Your instructions — Repeat only the stretch of lines below that runs from the line with "- left; apply: val_inj." through the line with "- by move=> q;", unaltered.

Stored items

^^^^

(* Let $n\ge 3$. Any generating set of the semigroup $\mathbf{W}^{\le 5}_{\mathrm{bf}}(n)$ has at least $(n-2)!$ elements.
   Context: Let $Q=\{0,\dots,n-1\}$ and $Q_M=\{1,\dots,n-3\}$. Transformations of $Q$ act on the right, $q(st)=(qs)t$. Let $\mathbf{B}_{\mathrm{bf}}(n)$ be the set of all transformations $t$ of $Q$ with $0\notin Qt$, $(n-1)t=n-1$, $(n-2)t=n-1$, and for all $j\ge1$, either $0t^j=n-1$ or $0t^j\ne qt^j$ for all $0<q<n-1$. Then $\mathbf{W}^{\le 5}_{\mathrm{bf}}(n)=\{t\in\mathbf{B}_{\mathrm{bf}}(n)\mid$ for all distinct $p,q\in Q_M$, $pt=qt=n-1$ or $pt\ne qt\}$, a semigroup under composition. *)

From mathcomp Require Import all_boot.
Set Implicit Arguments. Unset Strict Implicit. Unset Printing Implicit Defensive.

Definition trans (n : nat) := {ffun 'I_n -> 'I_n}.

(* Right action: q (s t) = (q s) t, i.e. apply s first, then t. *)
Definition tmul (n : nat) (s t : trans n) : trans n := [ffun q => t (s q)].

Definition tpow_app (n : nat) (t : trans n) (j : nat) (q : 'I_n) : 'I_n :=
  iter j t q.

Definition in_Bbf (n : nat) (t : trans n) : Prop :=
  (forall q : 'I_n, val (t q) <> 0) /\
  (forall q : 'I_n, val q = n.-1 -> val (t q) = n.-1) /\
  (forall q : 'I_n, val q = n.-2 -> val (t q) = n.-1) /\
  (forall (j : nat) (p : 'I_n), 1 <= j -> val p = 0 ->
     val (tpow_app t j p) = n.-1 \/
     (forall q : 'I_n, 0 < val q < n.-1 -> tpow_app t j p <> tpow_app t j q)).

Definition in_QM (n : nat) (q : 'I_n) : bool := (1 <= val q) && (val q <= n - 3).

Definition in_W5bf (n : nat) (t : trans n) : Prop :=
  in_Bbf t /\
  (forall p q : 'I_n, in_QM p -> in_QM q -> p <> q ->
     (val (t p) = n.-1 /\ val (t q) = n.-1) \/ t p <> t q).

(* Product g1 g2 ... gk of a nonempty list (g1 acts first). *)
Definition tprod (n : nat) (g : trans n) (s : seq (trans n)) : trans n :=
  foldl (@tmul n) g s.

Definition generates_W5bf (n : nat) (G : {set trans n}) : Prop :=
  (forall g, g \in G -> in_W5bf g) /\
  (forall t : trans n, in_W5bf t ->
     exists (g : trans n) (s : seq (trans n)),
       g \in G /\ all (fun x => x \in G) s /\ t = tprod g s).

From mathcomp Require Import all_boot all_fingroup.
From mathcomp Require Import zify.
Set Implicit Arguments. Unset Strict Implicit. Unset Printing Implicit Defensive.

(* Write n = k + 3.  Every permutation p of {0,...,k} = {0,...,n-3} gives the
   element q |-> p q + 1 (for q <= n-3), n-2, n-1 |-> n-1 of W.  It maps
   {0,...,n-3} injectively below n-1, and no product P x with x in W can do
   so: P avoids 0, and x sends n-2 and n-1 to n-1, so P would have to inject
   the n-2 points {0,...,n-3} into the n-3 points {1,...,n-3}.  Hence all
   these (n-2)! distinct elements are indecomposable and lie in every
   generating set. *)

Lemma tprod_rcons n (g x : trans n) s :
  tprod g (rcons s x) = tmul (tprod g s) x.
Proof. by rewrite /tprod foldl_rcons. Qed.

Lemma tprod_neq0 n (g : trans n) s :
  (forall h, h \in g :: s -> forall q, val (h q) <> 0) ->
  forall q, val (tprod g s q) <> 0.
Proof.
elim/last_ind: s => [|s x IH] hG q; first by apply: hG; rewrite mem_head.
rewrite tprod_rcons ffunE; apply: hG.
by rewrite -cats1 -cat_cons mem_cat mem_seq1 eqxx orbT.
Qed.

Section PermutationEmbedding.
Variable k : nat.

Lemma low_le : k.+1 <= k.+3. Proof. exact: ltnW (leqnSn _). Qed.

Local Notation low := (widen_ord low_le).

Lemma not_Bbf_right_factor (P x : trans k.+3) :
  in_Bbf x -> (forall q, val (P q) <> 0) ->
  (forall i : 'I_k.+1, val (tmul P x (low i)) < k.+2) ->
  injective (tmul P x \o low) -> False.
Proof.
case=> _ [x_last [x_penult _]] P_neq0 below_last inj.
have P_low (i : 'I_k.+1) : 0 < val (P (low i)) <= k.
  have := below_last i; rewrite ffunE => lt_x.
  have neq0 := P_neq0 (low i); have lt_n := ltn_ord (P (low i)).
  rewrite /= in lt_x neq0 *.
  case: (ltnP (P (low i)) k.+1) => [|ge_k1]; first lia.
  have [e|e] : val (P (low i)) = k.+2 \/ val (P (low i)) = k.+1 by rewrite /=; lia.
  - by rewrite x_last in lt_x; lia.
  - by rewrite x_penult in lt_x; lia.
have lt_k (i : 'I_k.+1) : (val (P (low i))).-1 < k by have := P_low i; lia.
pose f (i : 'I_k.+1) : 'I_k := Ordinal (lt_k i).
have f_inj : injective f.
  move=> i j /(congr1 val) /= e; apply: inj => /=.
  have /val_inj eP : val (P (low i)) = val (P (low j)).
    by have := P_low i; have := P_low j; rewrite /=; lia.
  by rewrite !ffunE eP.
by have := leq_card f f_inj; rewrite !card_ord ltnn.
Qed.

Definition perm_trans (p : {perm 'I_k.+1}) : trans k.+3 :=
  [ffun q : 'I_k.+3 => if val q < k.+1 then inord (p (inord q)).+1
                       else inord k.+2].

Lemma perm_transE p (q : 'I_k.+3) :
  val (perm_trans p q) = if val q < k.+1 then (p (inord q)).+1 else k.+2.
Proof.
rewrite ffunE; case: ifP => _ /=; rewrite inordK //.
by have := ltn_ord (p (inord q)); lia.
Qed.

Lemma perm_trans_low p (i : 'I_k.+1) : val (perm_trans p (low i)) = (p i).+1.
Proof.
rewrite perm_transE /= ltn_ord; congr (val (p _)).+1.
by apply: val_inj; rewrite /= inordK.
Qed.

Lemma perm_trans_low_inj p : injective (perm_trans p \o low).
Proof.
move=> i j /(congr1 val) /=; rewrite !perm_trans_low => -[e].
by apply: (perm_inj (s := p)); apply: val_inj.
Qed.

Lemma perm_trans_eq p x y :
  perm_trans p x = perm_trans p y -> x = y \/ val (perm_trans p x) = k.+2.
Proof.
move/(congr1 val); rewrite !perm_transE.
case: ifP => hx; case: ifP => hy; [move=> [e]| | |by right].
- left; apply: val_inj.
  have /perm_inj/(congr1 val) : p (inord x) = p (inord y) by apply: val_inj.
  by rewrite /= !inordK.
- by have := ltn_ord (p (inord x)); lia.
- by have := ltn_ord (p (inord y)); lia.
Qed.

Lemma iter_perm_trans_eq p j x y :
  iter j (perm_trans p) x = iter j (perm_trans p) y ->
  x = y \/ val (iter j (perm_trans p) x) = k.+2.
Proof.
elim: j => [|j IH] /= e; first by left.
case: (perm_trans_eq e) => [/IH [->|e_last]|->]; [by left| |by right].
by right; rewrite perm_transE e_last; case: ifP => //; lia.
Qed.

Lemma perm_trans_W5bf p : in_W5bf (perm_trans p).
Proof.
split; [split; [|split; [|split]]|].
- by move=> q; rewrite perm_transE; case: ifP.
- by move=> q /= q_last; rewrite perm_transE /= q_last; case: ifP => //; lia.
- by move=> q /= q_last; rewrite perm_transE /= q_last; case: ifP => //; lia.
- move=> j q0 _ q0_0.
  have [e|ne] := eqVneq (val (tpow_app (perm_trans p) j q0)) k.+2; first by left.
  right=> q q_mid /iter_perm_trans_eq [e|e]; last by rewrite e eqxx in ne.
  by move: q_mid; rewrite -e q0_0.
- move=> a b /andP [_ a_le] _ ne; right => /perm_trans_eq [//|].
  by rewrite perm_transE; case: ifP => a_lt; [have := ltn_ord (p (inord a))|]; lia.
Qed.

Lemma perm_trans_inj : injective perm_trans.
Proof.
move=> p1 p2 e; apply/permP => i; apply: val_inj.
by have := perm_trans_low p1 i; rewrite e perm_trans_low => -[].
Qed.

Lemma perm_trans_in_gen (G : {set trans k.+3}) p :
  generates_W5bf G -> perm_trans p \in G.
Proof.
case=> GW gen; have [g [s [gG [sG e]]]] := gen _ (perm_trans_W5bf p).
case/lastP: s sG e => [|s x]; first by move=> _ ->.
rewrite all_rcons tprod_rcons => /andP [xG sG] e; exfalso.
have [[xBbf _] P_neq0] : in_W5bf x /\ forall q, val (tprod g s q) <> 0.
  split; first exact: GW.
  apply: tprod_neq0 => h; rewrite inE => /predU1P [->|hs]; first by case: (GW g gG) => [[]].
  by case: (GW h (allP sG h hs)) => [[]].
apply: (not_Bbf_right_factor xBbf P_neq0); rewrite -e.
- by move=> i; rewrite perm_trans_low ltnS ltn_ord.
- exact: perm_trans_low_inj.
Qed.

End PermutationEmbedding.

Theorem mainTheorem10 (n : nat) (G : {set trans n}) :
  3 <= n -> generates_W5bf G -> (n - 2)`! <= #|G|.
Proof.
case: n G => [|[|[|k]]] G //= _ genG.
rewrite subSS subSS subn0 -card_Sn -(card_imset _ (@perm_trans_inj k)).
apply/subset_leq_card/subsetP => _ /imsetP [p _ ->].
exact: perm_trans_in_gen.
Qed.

^^^^

Result of the task —
- left; apply: val_inj.
  have /perm_inj/(congr1 val) : p (inord x) = p (inord y) by apply: val_inj.
  by rewrite /= !inordK.
- by have := ltn_ord (p (inord x)); lia.
- by have := ltn_ord (p (inord y)); lia.
Qed.

Lemma iter_perm_trans_eq p j x y :
  iter j (perm_trans p) x = iter j (perm_trans p) y ->
  x = y \/ val (iter j (perm_trans p) x) = k.+2.
Proof.
elim: j => [|j IH] /= e; first by left.
case: (perm_trans_eq e) => [/IH [->|e_last]|->]; [by left| |by right].
by right; rewrite perm_transE e_last; case: ifP => //; lia.
Qed.

Lemma perm_trans_W5bf p : in_W5bf (perm_trans p).
Proof.
split; [split; [|split; [|split]]|].
- by move=> q; rewrite perm_transE; case: ifP.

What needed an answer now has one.